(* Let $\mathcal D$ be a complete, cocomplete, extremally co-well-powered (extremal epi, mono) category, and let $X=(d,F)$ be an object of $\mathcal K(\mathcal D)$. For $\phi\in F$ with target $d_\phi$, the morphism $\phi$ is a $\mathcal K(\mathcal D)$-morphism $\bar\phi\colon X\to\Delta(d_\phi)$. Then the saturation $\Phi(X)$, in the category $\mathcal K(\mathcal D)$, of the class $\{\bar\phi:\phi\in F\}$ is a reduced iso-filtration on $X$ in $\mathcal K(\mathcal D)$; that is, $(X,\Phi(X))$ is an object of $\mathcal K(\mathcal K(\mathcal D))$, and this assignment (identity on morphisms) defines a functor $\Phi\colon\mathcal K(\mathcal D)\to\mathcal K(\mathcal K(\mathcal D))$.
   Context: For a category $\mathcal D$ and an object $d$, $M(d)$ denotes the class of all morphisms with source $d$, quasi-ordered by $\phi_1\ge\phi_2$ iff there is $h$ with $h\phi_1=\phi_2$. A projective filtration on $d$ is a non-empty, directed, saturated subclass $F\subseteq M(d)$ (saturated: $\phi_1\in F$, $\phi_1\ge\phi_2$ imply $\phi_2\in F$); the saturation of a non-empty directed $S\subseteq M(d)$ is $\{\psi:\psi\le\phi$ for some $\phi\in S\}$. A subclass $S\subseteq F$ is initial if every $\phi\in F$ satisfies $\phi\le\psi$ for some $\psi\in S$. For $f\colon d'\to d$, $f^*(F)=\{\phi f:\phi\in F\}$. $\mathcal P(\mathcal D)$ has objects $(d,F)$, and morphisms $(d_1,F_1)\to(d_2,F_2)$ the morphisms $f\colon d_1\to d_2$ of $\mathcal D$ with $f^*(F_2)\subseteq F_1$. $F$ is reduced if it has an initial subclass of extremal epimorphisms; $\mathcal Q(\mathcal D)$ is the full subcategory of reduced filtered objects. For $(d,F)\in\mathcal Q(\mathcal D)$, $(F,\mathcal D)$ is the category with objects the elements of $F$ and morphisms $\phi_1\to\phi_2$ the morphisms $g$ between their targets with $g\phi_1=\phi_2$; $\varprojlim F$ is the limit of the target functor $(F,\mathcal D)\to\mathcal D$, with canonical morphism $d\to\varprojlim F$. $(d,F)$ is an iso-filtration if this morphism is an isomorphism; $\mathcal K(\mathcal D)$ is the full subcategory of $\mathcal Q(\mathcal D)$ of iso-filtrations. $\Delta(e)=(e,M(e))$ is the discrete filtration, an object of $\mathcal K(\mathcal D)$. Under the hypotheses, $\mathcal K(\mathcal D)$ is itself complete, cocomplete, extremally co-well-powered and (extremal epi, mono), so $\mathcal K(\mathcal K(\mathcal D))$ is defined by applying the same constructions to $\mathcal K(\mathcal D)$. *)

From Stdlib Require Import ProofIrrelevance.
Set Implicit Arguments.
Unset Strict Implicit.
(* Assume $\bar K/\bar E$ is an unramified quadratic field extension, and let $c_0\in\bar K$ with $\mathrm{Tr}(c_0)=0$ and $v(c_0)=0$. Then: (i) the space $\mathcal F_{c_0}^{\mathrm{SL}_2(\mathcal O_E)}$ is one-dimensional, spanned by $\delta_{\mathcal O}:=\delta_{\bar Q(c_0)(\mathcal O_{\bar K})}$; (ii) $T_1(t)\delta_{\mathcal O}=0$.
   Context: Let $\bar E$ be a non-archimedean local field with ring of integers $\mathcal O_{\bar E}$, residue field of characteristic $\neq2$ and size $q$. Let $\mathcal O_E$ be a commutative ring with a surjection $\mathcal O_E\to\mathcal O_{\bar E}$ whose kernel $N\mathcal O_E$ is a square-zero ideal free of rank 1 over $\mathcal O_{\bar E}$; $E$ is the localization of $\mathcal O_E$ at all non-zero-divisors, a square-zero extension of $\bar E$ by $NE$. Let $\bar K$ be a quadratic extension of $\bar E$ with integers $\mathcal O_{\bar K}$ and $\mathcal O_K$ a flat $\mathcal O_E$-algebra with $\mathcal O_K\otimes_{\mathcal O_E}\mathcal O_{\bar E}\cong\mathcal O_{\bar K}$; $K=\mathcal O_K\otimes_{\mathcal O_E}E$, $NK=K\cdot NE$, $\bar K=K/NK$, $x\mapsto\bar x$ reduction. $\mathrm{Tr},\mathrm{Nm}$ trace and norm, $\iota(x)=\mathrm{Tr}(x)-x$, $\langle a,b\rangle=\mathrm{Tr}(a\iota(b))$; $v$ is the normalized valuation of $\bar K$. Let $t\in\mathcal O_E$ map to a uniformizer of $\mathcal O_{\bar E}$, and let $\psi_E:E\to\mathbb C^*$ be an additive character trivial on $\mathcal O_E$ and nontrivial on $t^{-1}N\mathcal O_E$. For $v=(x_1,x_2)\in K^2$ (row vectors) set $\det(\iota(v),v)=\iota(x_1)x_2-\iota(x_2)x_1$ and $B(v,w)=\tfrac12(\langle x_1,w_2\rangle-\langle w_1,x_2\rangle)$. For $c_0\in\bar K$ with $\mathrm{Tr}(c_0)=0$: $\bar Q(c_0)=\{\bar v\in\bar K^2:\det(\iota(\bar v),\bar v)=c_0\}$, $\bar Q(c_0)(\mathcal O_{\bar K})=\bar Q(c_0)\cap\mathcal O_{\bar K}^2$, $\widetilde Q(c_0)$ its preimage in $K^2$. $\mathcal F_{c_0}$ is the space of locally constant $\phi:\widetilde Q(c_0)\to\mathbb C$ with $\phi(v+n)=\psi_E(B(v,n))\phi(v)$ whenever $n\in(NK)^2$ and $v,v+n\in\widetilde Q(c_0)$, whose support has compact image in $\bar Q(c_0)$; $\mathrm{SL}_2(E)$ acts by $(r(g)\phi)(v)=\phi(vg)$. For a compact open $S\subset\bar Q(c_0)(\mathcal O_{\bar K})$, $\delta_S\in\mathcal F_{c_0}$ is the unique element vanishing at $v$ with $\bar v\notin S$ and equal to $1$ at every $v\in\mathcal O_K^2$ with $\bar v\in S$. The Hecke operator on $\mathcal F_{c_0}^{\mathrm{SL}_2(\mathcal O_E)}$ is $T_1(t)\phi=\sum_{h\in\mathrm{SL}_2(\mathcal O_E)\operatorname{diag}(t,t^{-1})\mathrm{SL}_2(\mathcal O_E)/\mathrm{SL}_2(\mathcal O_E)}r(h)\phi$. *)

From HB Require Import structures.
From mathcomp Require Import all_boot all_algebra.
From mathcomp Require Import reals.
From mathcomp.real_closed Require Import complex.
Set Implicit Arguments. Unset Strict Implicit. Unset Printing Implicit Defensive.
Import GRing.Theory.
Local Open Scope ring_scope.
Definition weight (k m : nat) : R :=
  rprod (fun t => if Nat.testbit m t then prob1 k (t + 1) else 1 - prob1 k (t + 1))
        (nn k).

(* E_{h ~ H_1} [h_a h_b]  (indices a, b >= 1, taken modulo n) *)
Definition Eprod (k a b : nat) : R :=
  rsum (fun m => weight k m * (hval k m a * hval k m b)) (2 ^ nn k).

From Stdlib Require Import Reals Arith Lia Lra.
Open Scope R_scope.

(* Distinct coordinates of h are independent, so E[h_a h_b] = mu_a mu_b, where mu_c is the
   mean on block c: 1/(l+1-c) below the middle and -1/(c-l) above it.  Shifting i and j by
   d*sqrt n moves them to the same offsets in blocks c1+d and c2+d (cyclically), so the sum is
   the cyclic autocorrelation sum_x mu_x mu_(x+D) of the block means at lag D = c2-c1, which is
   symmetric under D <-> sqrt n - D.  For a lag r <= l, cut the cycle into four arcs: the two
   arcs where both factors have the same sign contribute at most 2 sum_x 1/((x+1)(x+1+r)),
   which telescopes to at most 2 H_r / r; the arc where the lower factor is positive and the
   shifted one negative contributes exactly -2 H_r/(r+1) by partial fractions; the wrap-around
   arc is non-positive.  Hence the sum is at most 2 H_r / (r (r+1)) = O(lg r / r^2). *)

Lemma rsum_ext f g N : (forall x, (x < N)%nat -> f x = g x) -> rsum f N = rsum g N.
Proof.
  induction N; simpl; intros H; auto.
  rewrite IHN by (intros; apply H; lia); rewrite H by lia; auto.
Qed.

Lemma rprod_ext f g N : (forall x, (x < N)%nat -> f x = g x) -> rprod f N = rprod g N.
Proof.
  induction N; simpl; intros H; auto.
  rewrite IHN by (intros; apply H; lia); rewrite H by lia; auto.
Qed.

====

- **Exercise aim**: Please find each line in the records above that holds the word "Require", and copy it.

- **Solved exercise**:
From Stdlib Require Import ProofIrrelevance.
From HB Require Import structures.
From mathcomp Require Import all_boot all_algebra.
From mathcomp Require Import reals.
From mathcomp.real_closed Require Import complex.
From Stdlib Require Import Reals Arith Lia Lra.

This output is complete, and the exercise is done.